BRIEF DESCRIPTION OF THE DRAWINGS

The present disclosure can be more fully understood by reading the following detailed description of the embodiment, with reference made to the accompanying drawings as follows.

FIG. 1A is a circuit diagram of a voltage conversion circuit in accordance with some instances.

FIG. 1B is a circuit diagram of a voltage conversion circuit in accordance with some instances.

FIG. 1C is a timing diagram of a voltage conversion circuit in accordance with the instances of FIG. 1A and FIG. 1B.

FIG. 2 is a circuit diagram of a voltage conversion circuit in accordance with some embodiments of the present disclosure.

FIG. 3A is a schematic diagram of the current directions of the voltage conversion circuit in one mode in accordance with the embodiment of FIG. 2.

FIG. 3B is a schematic diagram of the current directions of the voltage conversion circuit in another mode in accordance with the embodiment of FIG. 2.

FIG. 3C is a schematic diagram of the current directions of the voltage conversion circuit in yet another mode in accordance with the embodiment of FIG. 2.

FIG. 3D is a schematic diagram of the current directions of the voltage conversion circuit in yet another mode in accordance with the embodiment of FIG. 2.

FIG. 4 is a timing diagram of the voltage conversion circuit in accordance with the embodiment of FIG. 2.

FIG. 5 is a circuit diagram of a voltage conversion circuit in accordance with some embodiments of the present disclosure.

FIG. 6A is a schematic diagram of the current directions of the voltage conversion circuit in one mode in accordance with the embodiment of FIG. 5.

FIG. 6B is a schematic diagram of the current directions of the voltage conversion circuit in another mode in accordance with the embodiment of FIG. 5.

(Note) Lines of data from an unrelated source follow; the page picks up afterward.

(* Let $\alpha>0$, $\gamma<0$, $\theta=(\alpha,-(\alpha+\gamma)/4,\gamma)$, and let $\mathcal{R}_\theta(1)$ be the moduli space of $\theta$-semistable representations of $\mathbf{Q}$ of dimension vector $(1,4,1)$. If $\gamma<-\alpha$, the points of $\mathcal{R}_\theta(1)$ are exactly the (isomorphism classes of) representations that are globally surjective and locally injective. If $\gamma>-\alpha$, the points of $\mathcal{R}_\theta(1)$ are exactly the representations that are globally injective and locally surjective.
   Context: The quiver $\mathbf{Q}$ has vertices $-1,0,1$, arrows $\eta_0,\dots,\eta_3:-1\to0$, $\phi_0,\dots,\phi_3:0\to1$ and relations $\phi_i\eta_j+\phi_j\eta_i=0$; a representation consists of vector spaces $V_{-1},V_0,V_1$ and linear maps $f_i:V_{-1}\to V_0$, $g_i:V_0\to V_1$ with $g_if_j+g_jf_i=0$. $R$ is globally injective (resp. surjective) if $\sum\lambda_if_i$ is injective (resp. $\sum\lambda_ig_i$ surjective) for all $\lambda\in\mathbb{C}^4\setminus\{0\}$; locally injective (resp. surjective) if this holds for all $[\lambda]\in\mathbb{P}^3$ outside a closed subset of codimension at least 2. $R$ is $\theta$-semistable (resp. stable) if $\theta\cdot\dim R=0$ and $\theta\cdot\dim S\le0$ for all subrepresentations $S$ (resp. $<0$ for all nonzero proper $S$); $\mathcal{R}_\theta(1)$ is King's GIT moduli space. *)

From HB Require Import structures.
From mathcomp Require Import all_boot all_order all_algebra.
From mathcomp Require Import complex Rstruct.
From mathcomp Require Import mpoly.
(* Let $C_0,C_1,C_2,\dots$ be the successive configurations of the weakly universal Turing machine WUTM(2,4) (defined in the context) started from a configuration $C_0$ whose tape is a weak tape $\dots w_lw_l\,\alpha_0\,x_0\,\beta_0\,w_rw_r\dots$. Let $M_0$ be a marking of UPN(14,29) that represents $C_0$. Then the run of UPN(14,29) from $M_0$ never halts, and there are indices $0=n_0<n_1<n_2<\cdots$ such that for every $k\ge 0$ the marking reached after $n_k$ firings represents $C_k$ (possibly after the insertion transitions $t_1$ or $t_2$ have fired). Moreover, for fixed $M_0$, $n_k=O(k\cdot 5^{k})$, and every place's marking during the first $n_k$ firings has $O(k)$ base-5 digits (space $O(k)$).
   Context: A deterministic inhibitor Petri net (DIPN) has places $p_1,\dots,p_m$ holding nonnegative integer numbers of tokens (the marking) and transitions $t_1,\dots,t_n$. Each pair (place $p$, transition $t$) carries an input value $w^-\in\{0,1,2,\dots\}\cup\{-1\}$ and an output value $w^+\ge 0$. Transition $t$ is firable iff every place with input value $w^->0$ holds at least $w^-$ tokens and every place with input value $-1$ (inhibitor arc) holds $0$ tokens. At each step the firable transition with the smallest index fires: it removes $w^-$ tokens from each place with $w^->0$ and adds $w^+$ tokens to each place (inhibitor arcs remove nothing). The net halts when no transition is firable. UPN(14,29) has places $p_1=X$, $p_2=U$, $p_3=L$, $p_4=R$, $p_5=\mathit{STEP}$, $p_6=\mathit{MOVE}$, $p_7=\mathit{RIGHT}$, $p_8=\mathit{MOVE1}$, $p_9,\dots,p_{14}$, and 29 transitions. Below, ''$P\,a,b$'' means input value $a$ and output value $b$ for place $P$; unlisted places have $0,0$. $t_1$: $L\,{-1},167$; $\mathit{STEP}\,1,1$. $t_2$: $R\,{-1},13596$; $\mathit{STEP}\,1,1$. $t_3$: $X\,4,2$; $U\,1,1$; $\mathit{STEP}\,1,0$; $\mathit{MOVE}\,0,1$; $\mathit{RIGHT}\,0,1$. $t_4$: $X\,4,4$; $\mathit{STEP}\,1,0$; $\mathit{MOVE}\,0,1$. $t_5$: $X\,3,1$; $U\,1,1$; $\mathit{STEP}\,1,0$; $\mathit{MOVE}\,0,1$; $\mathit{RIGHT}\,0,1$. $t_6$: $X\,3,4$; $\mathit{STEP}\,1,0$; $\mathit{MOVE}\,0,1$. $t_7$: $X\,2,3$; $U\,1,1$; $\mathit{STEP}\,1,0$; $\mathit{MOVE}\,0,1$. $t_8$: $X\,2,4$; $U\,0,1$; $\mathit{STEP}\,1,0$; $\mathit{MOVE}\,0,1$. $t_9$: $X\,1,4$; $U\,1,0$; $\mathit{STEP}\,1,0$; $\mathit{MOVE}\,0,1$; $\mathit{RIGHT}\,0,1$. $t_{10}$: $X\,1,3$; $\mathit{STEP}\,1,0$; $\mathit{MOVE}\,0,1$. $t_{11}$: $R\,1,0$; $\mathit{MOVE}\,1,1$; $\mathit{RIGHT}\,{-1},0$; $p_9\,0,5$. $t_{12}$: $L\,1,0$; $\mathit{MOVE}\,1,1$; $\mathit{RIGHT}\,1,1$; $p_9\,0,5$. $t_{13}$: $\mathit{MOVE}\,1,0$; $p_{10}\,0,1$. $t_{14}$: $R\,0,1$; $\mathit{RIGHT}\,{-1},0$; $p_9\,1,0$; $p_{10}\,1,1$. $t_{15}$: $L\,0,1$; $\mathit{RIGHT}\,1,1$; $p_9\,1,0$; $p_{10}\,1,1$. $t_{16}$: $p_{10}\,1,0$; $p_{11}\,0,1$. $t_{17}$: $X\,1,0$; $R\,0,1$; $\mathit{RIGHT}\,{-1},0$; $p_{11}\,1,1$. $t_{18}$: $X\,1,0$; $L\,0,1$; $\mathit{RIGHT}\,1,1$; $p_{11}\,1,1$. $t_{19}$: $\mathit{MOVE1}\,0,1$; $p_{11}\,1,0$. $t_{20}$: $R\,5,0$; $\mathit{RIGHT}\,1,1$; $\mathit{MOVE1}\,1,1$; $p_{14}\,0,1$. $t_{21}$: $L\,5,0$; $\mathit{RIGHT}\,{-1},0$; $\mathit{MOVE1}\,1,1$; $p_{14}\,0,1$. $t_{22}$: $\mathit{MOVE1}\,1,0$; $p_{12}\,0,1$. $t_{23}$: $X\,0,1$; $R\,1,0$; $\mathit{RIGHT}\,1,1$; $p_{12}\,1,1$. $t_{24}$: $X\,0,1$; $L\,1,0$; $\mathit{RIGHT}\,{-1},0$; $p_{12}\,1,1$. $t_{25}$: $p_{12}\,1,0$; $p_{13}\,0,1$. $t_{26}$: $R\,0,1$; $\mathit{RIGHT}\,1,1$; $p_{13}\,1,1$; $p_{14}\,1,0$. $t_{27}$: $L\,0,1$; $\mathit{RIGHT}\,{-1},0$; $p_{13}\,1,1$; $p_{14}\,1,0$. $t_{28}$: $\mathit{STEP}\,0,1$; $\mathit{RIGHT}\,1,0$; $p_{13}\,1,0$. $t_{29}$: $\mathit{STEP}\,0,1$; $p_{13}\,1,0$. WUTM(2,4) (Neary–Woods) has states $u_1,u_2$ with codes $s(u_1)=0$, $s(u_2)=1$, start state $u_1$, and tape alphabet $\Sigma=\{0,1,\bar 0,\bar 1\}$ with codes $s(0)=1$, $s(1)=2$, $s(\bar0)=3$, $s(\bar1)=4$. Its instructions (scanned symbol, state) $\mapsto$ (written symbol, move, new state) are: $(0,u_1)\mapsto(\bar0,\text{left},u_1)$; $(0,u_2)\mapsto(\bar1,\text{right},u_1)$; $(1,u_1)\mapsto(\bar1,\text{left},u_2)$; $(1,u_2)\mapsto(\bar0,\text{left},u_2)$; $(\bar0,u_1)\mapsto(\bar1,\text{left},u_1)$; $(\bar0,u_2)\mapsto(0,\text{right},u_2)$; $(\bar1,u_1)\mapsto(\bar1,\text{left},u_1)$; $(\bar1,u_2)\mapsto(1,\text{right},u_2)$. It has no halting state (every pair is defined). For a finite word $\alpha=y_1\cdots y_m$ (leftmost $y_1$) set $\lambda(\alpha)=\sum_{i=1}^m s(y_i)5^{m-i}$ and for $\beta=z_1\cdots z_n$ set $\rho(\beta)=\sum_{i=1}^n s(z_i)5^{i-1}$; empty words have code $0$. The blank words are $w_l=0\,0\,\bar0\,1$ (repeated infinitely to the left; $\lambda(w_l)=167$) and $w_r=0\,\bar1\,\bar0\,\bar0\,0\,\bar1$ (repeated infinitely to the right; $\rho(w_r)=13596$). A weak tape is a bi-infinite tape $\dots w_lw_l\,\alpha\,x\,\beta\,w_rw_r\dots$ with $\alpha,\beta$ finite and $x$ the scanned cell. A marking represents the configuration (state $u$, such a tape) if, for some such decomposition, $U=s(u)$, $X=s(x)$, $L=\lambda(\alpha)$, $R=\rho(\beta)$, $\mathit{STEP}=1$, and $\mathit{MOVE}=\mathit{RIGHT}=\mathit{MOVE1}=p_9=\dots=p_{14}=0$. *)

From Stdlib Require Import ZArith List Arith Lia Bool.
Import ListNotations.
Open Scope Z_scope.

FIG. 6C is a schematic diagram of the current directions of the voltage conversion circuit in yet another mode in accordance with the embodiment of FIG. 5.

FIG. 6D is a schematic diagram of the current directions of the voltage conversion circuit in yet another mode in accordance with the embodiment of FIG. 5.

FIG. 7A is a circuit diagram of a voltage conversion circuit in accordance with some embodiments of the present disclosure.

FIG. 7B is a circuit diagram of a voltage conversion circuit in accordance with some embodiments of the present disclosure.

FIG. 8 is a circuit diagram of a voltage conversion system in accordance with some embodiments of the present disclosure.

FIG. 9A is a circuit diagram of a voltage conversion system in accordance with some embodiments of the present disclosure.

FIG. 9B is a circuit diagram of a voltage conversion system in accordance with some embodiments of the present disclosure.

DETAILED DESCRIPTION

Reference will now be made in detail to the present embodiments of the disclosure, examples of which are illustrated in the accompanying drawings.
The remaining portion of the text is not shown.